## Exercise aim
In the data below, which lines hold "Hgen"? Copy every one.

(Collected data)
Ltac lattice_arith :=
  unfold nbrs, is_odd, is_even in *; cbn [fst snd] in *;
  rewrite ?inE /= ?inE ?xpair_eqE /=; lia.

Lemma nbrs_uniq p : uniq (nbrs p).
Proof. case: p => a b; lattice_arith. Qed.

Lemma parity_nbrs p q : q \in nbrs p -> is_odd q = is_even p.
Proof.
by case: p q => [a b] [c d] /= q_nbr; apply/idP/idP; move: q_nbr; lattice_arith.
Qed.

Lemma is_evenE p : is_even p = ~~ is_odd p.
Proof. by []. Qed.

Lemma all_odd_nbrs p : is_even p -> all is_odd (nbrs p).
Proof. by move=> p_even; apply/allP => q /parity_nbrs ->. Qed.

Lemma all_even_nbrs p : is_odd p -> all is_even (nbrs p).
Proof.
move=> p_odd; apply/allP => q /parity_nbrs q_odd.
by rewrite is_evenE q_odd is_evenE p_odd.
Qed.

Lemma not_perm_nbrs_far (s : seq pt) (a b : pt) :
  a \in s -> b \in s -> b.1 = a.1 + 3 -> forall p, ~ perm_eq s (nbrs p).
Proof.
move=> a_s b_s ab [p1 p2] /perm_mem s_nbrs; move: a_s b_s ab; rewrite !s_nbrs.
by case: a b => [a1 a2] [b1 b2]; lattice_arith.
Qed.

(* [generic f G] unfolds to [general_position is_even is_odd f /\
   general_position is_odd is_even G /\ _]. *)
Definition general_position (P Q : pred pt) (F : int -> int -> vec4) : Prop :=
  forall s : seq pt, uniq s -> (size s <= 4)%N -> all P s ->
    ~ (exists p, Q p /\ perm_eq s (nbrs p)) -> free [seq F q.1 q.2 | q <- s].

Section GeneralPosition.
Variables (P Q : pred pt) (F : int -> int -> vec4).
Hypothesis F_gp : general_position P Q F.

Lemma gp_free_mask_nbrs p (m : bitseq) :
  all P (nbrs p) -> size m = 4%N -> has negb m ->
  free (mask m [seq F q.1 q.2 | q <- nbrs p]).
Proof.
move=> P_nbrs m4 m_proper; rewrite -map_mask.
have mask_small : (size (mask m (nbrs p)) < 4)%N.
  rewrite size_mask ?m4 // ltn_neqAle -{1}m4 -all_count -has_predC m_proper.
  by rewrite -m4 count_size.
apply: F_gp.
- exact/mask_uniq/nbrs_uniq.
- exact: ltnW.
- by apply/allP => q /mem_mask /(allP P_nbrs).
- by case=> r [_ /perm_size]; rewrite /= => size_eq; rewrite size_eq in mask_small.
Qed.

Lemma gp_free2 p q : P p -> P q -> p != q -> free [:: F p.1 p.2; F q.1 q.2].
Proof.
move=> Pp Pq pq; apply: (F_gp (s := [:: p; q])) => /=.
- by rewrite inE pq.
- by [].
- by rewrite Pp Pq.
- by case=> r [_ /perm_size].
Qed.

Lemma gp_annihilated_eq0 (s : seq pt) (x : vec4) :
  uniq s -> size s = 4%N -> all P s -> (forall p, ~ perm_eq s (nbrs p)) ->
  (forall q, q \in s -> pairing (F q.1 q.2) x = 0) -> x = 0.
Proof.
move=> s_uniq s4 P_s s_not_nbrs sx.
apply: (@annihilated_by_free4_eq0 [seq F q.1 q.2 | q <- s]).
- by apply: F_gp; rewrite ?s4 // => -[r [_ /s_not_nbrs]].
- by rewrite size_map.
- by move=> _ /mapP[q q_s ->]; apply: sx.
Qed.

Lemma gp_free_incident2 (s : seq pt) (x y : vec4) :
  x != 0 -> y != 0 ->
  uniq s -> size s = 4%N -> all P s -> (forall p, ~ perm_eq s (nbrs p)) ->
  (forall q, q \in s -> pairing (F q.1 q.2) x = 0 \/ pairing (F q.1 q.2) y = 0) ->
  free [:: x; y].
Proof.
move=> x_neq0 y_neq0 s_uniq s4 P_s s_not_nbrs sxy.
rewrite free_cons span_seq1 seq1_free y_neq0 andbT; apply/vlineP => -[k x_ky].
have k_neq0 : k != 0 by apply: contraNneq x_neq0 => k0; rewrite x_ky k0 scale0r.
move/eqP: y_neq0; apply; apply: (gp_annihilated_eq0 s_uniq s4 P_s s_not_nbrs) => q q_s.
case: (sxy q q_s) => //; rewrite x_ky linearZ /= => /eqP.
by rewrite mulf_eq0 (negPf k_neq0) => /eqP.
Qed.

End GeneralPosition.

Section Faces.
Variables (f G g : int -> int -> vec4).
Hypothesis G_gp : general_position is_odd is_even G.
Hypothesis fG_off : forall p q : pt, is_even p -> is_odd q ->
  pairing (G q.1 q.2) (f p.1 p.2) != 0.
Hypothesis g_meet : forall i j : int, is_even (i, j) -> is_meet_point G i j (g i j).

Lemma meet_point_on i j k l : is_even (i, j) -> (k, l) \in nbrs (i, j) ->
  pairing (G k l) (g i j) = 0.
Proof. by move=> ij_even; have [_] := g_meet ij_even; apply. Qed.

Lemma meet_points_free i j s : is_even (i, j) -> s = 1 \/ s = -1 ->
  free [:: g i j; g (i + 1) (j + s)].
Proof.
move=> ij_even s1.
have ij'_even : is_even (i + 1, j + s) by lattice_arith.
have [g_neq0 _] := g_meet ij_even; have [g'_neq0 _] := g_meet ij'_even.
(* Three planes through [g i j] and one through the other meet point, not all
   around a single vertex. *)
pose planes := [:: (i - 1, j); (i + 1, j); (i, j + s); (i + 2, j + s)].
apply: (gp_free_incident2 G_gp (s := planes)) => //.
- by lattice_arith.
- by lattice_arith.
- by apply: (not_perm_nbrs_far (a := (i - 1, j)) (b := (i + 2, j + s)));
    rewrite ?inE ?eqxx ?orbT //=; lia.
- move=> [k l]; rewrite !inE => /or4P[] /eqP[-> ->]; [left | left | left | right];
    apply: meet_point_on => //; lattice_arith.
Qed.

Lemma square_coherent_coplanar i j s : is_even (i, j) -> s = 1 \/ s = -1 ->
  coherent [:: f i j; f (i + 1) (j + s)] [:: G i (j + s); G (i + 1) j] <->
  coplanar4 (f i j) (g i j) (f (i + 1) (j + s)) (g (i + 1) (j + s)).
Proof.
move=> ij_even s1.
have ij'_even : is_even (i + 1, j + s) by lattice_arith.
apply: coherent2_dependent; try by apply: meet_point_on; lattice_arith.
- by apply: (gp_free2 G_gp (p := (i, j + s)) (q := (i + 1, j))); lattice_arith.
- exact: meet_points_free.
- by apply: (fG_off (p := (i + 1, j + s)) (q := (i, j + s))); lattice_arith.
- by apply: (fG_off (p := (i, j)) (q := (i + 1, j))); lattice_arith.
- by apply: (fG_off (p := (i + 1, j + s)) (q := (i + 1, j))); lattice_arith.
Qed.

Lemma faces_coherent_F_transforms :
  (forall i j, face_coherent f G i j) <-> F_transforms f g.
Proof.
have face_even i j : is_even (i, j) -> face_coherent f G i j <->
    coherent [:: f i j; f (i + 1) (j + 1)] [:: G i (j + 1); G (i + 1) j].
  by rewrite /face_coherent => ->.
have face_odd i j : is_even (i, j) -> face_coherent f G i (j - 1) <->
    coherent [:: f i j; f (i + 1) (j - 1)] [:: G i (j - 1); G (i + 1) j].
  move=> ij_even; rewrite /face_coherent ifF ?subrK; first exact: coherent2C.
  by apply/negbTE; lattice_arith.
split=> [coh i j ij_even s [->|->] | Ftr i j].
- apply/(square_coherent_coplanar ij_even (or_introl erefl)).
  by apply/(face_even _ _ ij_even); apply: coh.
- apply/(square_coherent_coplanar ij_even (or_intror erefl)).
  by apply/(face_odd _ _ ij_even); apply: coh.
- have [ij_even | ij_odd] := boolP (is_even (i, j)).
    apply/(face_even _ _ ij_even)/(square_coherent_coplanar ij_even (or_introl erefl)).
    exact: Ftr _ _ ij_even 1 (or_introl erefl).
  have ij1_even : is_even (i, j + 1) by lattice_arith.
  rewrite -[j](addrK 1); apply/(face_odd _ _ ij1_even).
  apply/(square_coherent_coplanar ij1_even (or_intror erefl)).
  exact: Ftr _ _ ij1_even (-1) (or_intror erefl).
Qed.

End Faces.

Lemma nbr_labels_dependent f G :
  (forall p, dependent (nbr_labels f G p)) <-> Qnet_e f /\ Qstarnet_o G.
Proof.
rewrite /nbr_labels; split=> [dep | [f_Q G_Qs] [i j]].
- by split=> i j ij; have := dep (i, j); [rewrite is_evenE ij | rewrite ij].
- case: ifP => [ij_even | /negbT]; first exact: G_Qs.
  by rewrite is_evenE negbK; apply: f_Q.
Qed.

Lemma circuit_nbr_labels f G p :
  general_position is_even is_odd f -> general_position is_odd is_even G ->
  circuit (nbr_labels f G p) <-> dependent (nbr_labels f G p).
Proof.
move=> f_gp G_gp; split=> [[] // | dep]; split=> // m; rewrite /nbr_labels.
case: ifP => p_even; rewrite size_map => m4 m_proper.
- exact: (gp_free_mask_nbrs G_gp (all_odd_nbrs p_even)).
- apply: (gp_free_mask_nbrs f_gp) => //; apply: all_even_nbrs.
  by rewrite -[is_odd p]negbK -is_evenE p_even.
Qed.

Theorem mainTheorem8 (f G : int -> int -> vec4) (Hgen : generic f G) :
  ((forall p : pt, circuit (nbr_labels f G p)) <-> (Qnet_e f /\ Qstarnet_o G)) /\
  (Qnet_e f -> Qstarnet_o G ->
   forall g : int -> int -> vec4,
     (forall i j : int, is_even (i, j) -> is_meet_point G i j (g i j)) ->
     ((forall i j : int, face_coherent f G i j) <-> F_transforms f g)).
Proof.
have [f_gp [G_gp fG_off]] := Hgen.
(* Part (F) does not use the Q-net conditions: the meet points are given. *)
split=> [|_ _ g g_meet]; last exact: faces_coherent_F_transforms.
rewrite -nbr_labels_dependent.
by split=> labels p; apply/(circuit_nbr_labels p f_gp G_gp)/labels.
Qed.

## Answer space
Theorem mainTheorem8 (f G : int -> int -> vec4) (Hgen : generic f G) :
have [f_gp [G_gp fG_off]] := Hgen.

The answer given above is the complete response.